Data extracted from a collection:
= = =
(* Let $\frac12\le\alpha\le1$ and let $M\in\mathcal{M}^*_{\mathcal{L}}(\alpha)$ be a Latin array of order $n$. If $M$ is not focused, then there exists a cell $(i,j)$ such that $M_{ij}$ is a clone and $|R_i(M)\cup C_j(M)|\ge(\alpha+1)n-1$.
   Context: An array of order $n$ is an $n\times n$ array with a symbol in each cell; an entry is a triple $(i,j,A_{ij})$. An array is Latin if no symbol appears more than once in any row or column; $\mathcal{L}$ denotes the class of all square Latin arrays. A transversal of an $m\times m$ array is a set of $m$ entries, no two agreeing in row, column, or symbol; an array is transversal-free if it has no transversal. A symbol is a singleton if it occurs exactly once in the array and a clone otherwise; $M_{ij}$ is called a singleton/clone according to the symbol in cell $(i,j)$. $R_i(M)$, $C_j(M)$ are the sets of symbols in row $i$ and column $j$. $A(i\mid j)$ is the array obtained by deleting row $i$ and column $j$, and $\Psi_{ij}(A)$ is the set of symbols appearing in $A$ but not in $A(i\mid j)$. A Latin array $L$ of order $n$ is focused if every singleton of $L$ occurs in a row or a column of $L$ that contains only singletons, and $|\Psi_{ij}(L)|=2n-1$ for some $(i,j)$. For $\frac12\le\alpha\le1$, $\mathcal{M}_{\mathcal{L}}(\alpha)$ is the set of transversal-free arrays in $\mathcal{L}$ whose number of distinct symbols is at least $\alpha$ times the number of cells, and $\mathcal{M}^*_{\mathcal{L}}(\alpha)$ consists of those $A\in\mathcal{M}_{\mathcal{L}}(\alpha)$ such that no array in $\mathcal{M}_{\mathcal{L}}(\alpha)$ has smaller order than $A$, and no array in $\mathcal{M}_{\mathcal{L}}(\alpha)$ of the same order as $A$ has more distinct symbols than $A$. *)

From HB Require Import structures.
From mathcomp Require Import all_boot all_order all_algebra.
Set Implicit Arguments. Unset Strict Implicit. Unset Printing Implicit Defensive.
Import Order.TTheory GRing.Theory Num.Theory.

Definition array (n : nat) := 'I_n -> 'I_n -> nat.

Definition latin n (A : array n) : Prop :=
  (forall i j j', A i j = A i j' -> j = j') /\
  (forall i i' j, A i j = A i' j -> i = i').

Definition is_transversal n (A : array n) (T : {set 'I_n * 'I_n}) : Prop :=
  #|T| = n /\
  (forall c d, c \in T -> d \in T -> c != d ->
     [/\ c.1 != d.1, c.2 != d.2 & A c.1 c.2 != A d.1 d.2]).

Definition transversal_free n (A : array n) : Prop :=
  forall T, ~ is_transversal A T.

Definition cells_syms n (A : array n) : seq nat :=
  [seq A i j | i <- enum 'I_n, j <- enum 'I_n].

Definition nsym n (A : array n) : nat := size (undup (cells_syms A)).

Definition singleton n (A : array n) (s : nat) : bool :=
  count_mem s (cells_syms A) == 1%N.

Definition clone n (A : array n) (s : nat) : bool :=
  (s \in cells_syms A) && ~~ singleton A s.

Definition row_syms n (A : array n) (i : 'I_n) : seq nat := [seq A i j | j <- enum 'I_n].
Definition col_syms n (A : array n) (j : 'I_n) : seq nat := [seq A i j | i <- enum 'I_n].

Definition rc_card n (A : array n) (i j : 'I_n) : nat :=
  size (undup (row_syms A i ++ col_syms A j)).

Definition minor_syms n (A : array n) (i j : 'I_n) : seq nat :=
  [seq A k l | k <- [seq k <- enum 'I_n | k != i], l <- [seq l <- enum 'I_n | l != j]].

Definition psi_card n (A : array n) (i j : 'I_n) : nat :=
  size (undup [seq s <- cells_syms A | s \notin minor_syms A i j]).

Definition focused n (A : array n) : Prop :=
  (forall i j, singleton A (A i j) ->
     (forall j', singleton A (A i j')) \/ (forall i', singleton A (A i' j))) /\
  (exists i j, psi_card A i j = (2 * n - 1)%N).

Definition inM (R : realFieldType) (alpha : R) n (A : array n) : Prop :=
  latin A /\ transversal_free A /\
  (alpha * (n * n)%:R <= (nsym A)%:R)%R.

Definition inMstar (R : realFieldType) (alpha : R) n (A : array n) : Prop :=
  inM alpha A /\
  (forall m (B : array m), inM alpha B -> (n <= m)%N) /\
  (forall B : array n, inM alpha B -> (nsym B <= nsym A)%N).

(* Suppose every clone cell (i, j) had |R_i ∪ C_j| < (alpha + 1) n - 1, that is,
   |R_i ∩ C_j| > (1 - alpha) n + 1.

   If a singleton cell (i, j) shares its row with a clone cell (i, j') and its column with a
   clone cell (i', j), deleting row i and column j leaves a transversal-free Latin array of
   order n - 1 (a transversal of it extends by the singleton), so by minimality of n it has
   fewer than alpha (n - 1)^2 symbols and more than alpha (2n - 1) symbols are lost.  But the
   symbols of R_i ∩ C_j' other than M_ij', and of C_j ∩ R_i' other than M_i'j, survive the
   deletion, so the large intersections leave fewer than 2 alpha n - 1 symbols to be lost.

   Otherwise every singleton lies in a row or a column of singletons, and as M is not focused,
   up to transposition the singletons fill r whole rows while every column contains a clone.
   Then each clone occurs at most m = n - r times and |R_a ∩ C_b| <= m on clone cells.  Double
   counting bounds the sum of |R_a ∩ C_b| over the m n clone cells by the sum of the squared
   multiplicities of the clones; together with alpha n^2 <= #symbols = #clones + r n this
   forces r >= alpha n - 1, while a single clone cell gives (1 - alpha) n + 1 < m. *)

From mathcomp Require Import all_boot all_order all_algebra.
From mathcomp Require Import zify lra.
Import Order.TTheory GRing.Theory Num.Theory.
Set Implicit Arguments. Unset Strict Implicit. Unset Printing Implicit Defensive.

Lemma count_sumE (T : Type) (a : pred T) (s : seq T) : count a s = \sum_(x <- s) a x.
Proof. by rewrite -sum1_count big_mkcond; apply: eq_bigr => x _; case: (a x). Qed.

Lemma count_predIC (T : Type) (a b : pred T) (s : seq T) :
  count a s = count (predI b a) s + count (predI (predC b) a) s.
Proof. by rewrite -!count_filter count_predC size_filter. Qed.

Lemma count_disjoint_leq (T : Type) (a b : pred T) (s : seq T) :
  (forall x, a x -> ~~ b x) -> count a s + count b s <= size s.
Proof.
move=> ab; rewrite -count_predUI (@eq_count _ (predI a b) pred0) ?count_pred0 ?addn0.
  exact: count_size.
by move=> x /=; case ax: (a x); rewrite //= (negbTE (ab x ax)).
Qed.

Section UndupCount.
Variable T : eqType.
Implicit Types s t : seq T.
= = =
WHAT NEEDS TO BE DONE:
Repeat exactly the lines above from the one with "order n - 1" up to and including the one with "Then each clone". No other line belongs in the reply.

REPLY:
   order n - 1 (a transversal of it extends by the singleton), so by minimality of n it has
   fewer than alpha (n - 1)^2 symbols and more than alpha (2n - 1) symbols are lost.  But the
   symbols of R_i ∩ C_j' other than M_ij', and of C_j ∩ R_i' other than M_i'j, survive the
   deletion, so the large intersections leave fewer than 2 alpha n - 1 symbols to be lost.

   Otherwise every singleton lies in a row or a column of singletons, and as M is not focused,
   up to transposition the singletons fill r whole rows while every column contains a clone.
   Then each clone occurs at most m = n - r times and |R_a ∩ C_b| <= m on clone cells.  Double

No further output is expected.